Related reading: Royal wedding accelerates global warming

7 Responses

  1. Jeff White November 18, 2011 at 2:23 am |

    Nobody can accuse Ian of “ignoring” the population issue. He’s just co-authored a book about it. You could learn a lot by reading it.

  2. Simon Ross November 17, 2011 at 4:36 pm |

    We accept the principles of social justice and contraction and convergence (see website for details). Will you accept that the human impact on the environment would be lower if there were fewer of us: 1960 3 billion; 2011 7 billion; 2085 10 billion?

    Do please think about attacking the “real environmental criminals” rather more and those concerned about rising human numbers rather less. Population might not be the only, or even the most important, issue: that doesn’t mean it should be ignored.

  3. Steve November 11, 2011 at 12:38 am |

    The Royal Family is hypocritical about consumption. No news there. But does that make concerns about overpopulation–which is trashing the planet and making poverty worse throughout the world–wrong? One need not follow Malthus to see that reducing the world’s human population is good for humans and other earthlings as well.

  4. Gerard November 7, 2011 at 6:12 pm |

    Charles’ comments just mirrors the disconnect most people in the developed world feel about their lifestyles.

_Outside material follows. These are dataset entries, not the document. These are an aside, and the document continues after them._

Theorem HH_nonzero_triv_ext2 (k : fieldType) (A : fdalg k) n :
  fdalg_axioms A -> ~~ odd n -> HH_nonzero (triv_ext (triv_ext A)) n.
Proof.
move=> axA even_n; have [y phi_neq0] := dual_trace_cochain_neq0 axA n.
apply: (HH_nonzero_of_cocycle (phi := @dual_trace_cochain k A n)
  (z := fun s => (s == [ffun j => rshift _ (y j)])%:R)).
- by move=> s; apply: dual_trace_cocycle.
- by apply: hcycle_basis_mul0 => a b x; rewrite !ffunE; apply: triv_ext_mulRR.
- by rewrite sum_mul_eqr.
Qed.

Theorem corollary3p6 (k : closedFieldType) (A : fdalg k) :
  fdalg_axioms A -> HHdim_infinite (triv_ext (triv_ext A)).
Proof.
move=> axA N; exists N.*2; first by rewrite -addnn leq_addr.
by apply: HH_nonzero_triv_ext2; rewrite ?odd_double.
Qed.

We wring our hands, but few are inclined to change much voluntarily!

  5. Cam November 3, 2011 at 9:21 am |

    Perhaps if we had more royals we would have less unemployment.

  6. Rory Short November 3, 2011 at 6:05 am |

    The profligate life style of current Royals is nothing new. They have set the standard to which many ordinary people have aspired for centuries. I think the point that should be made really is that this standard was always inappropriate from the point of view of humankind as a whole living in a sustainable fashion. This Royal standard is therefore not actually something to which human beings should now, or ever, have been aspiring to emulate.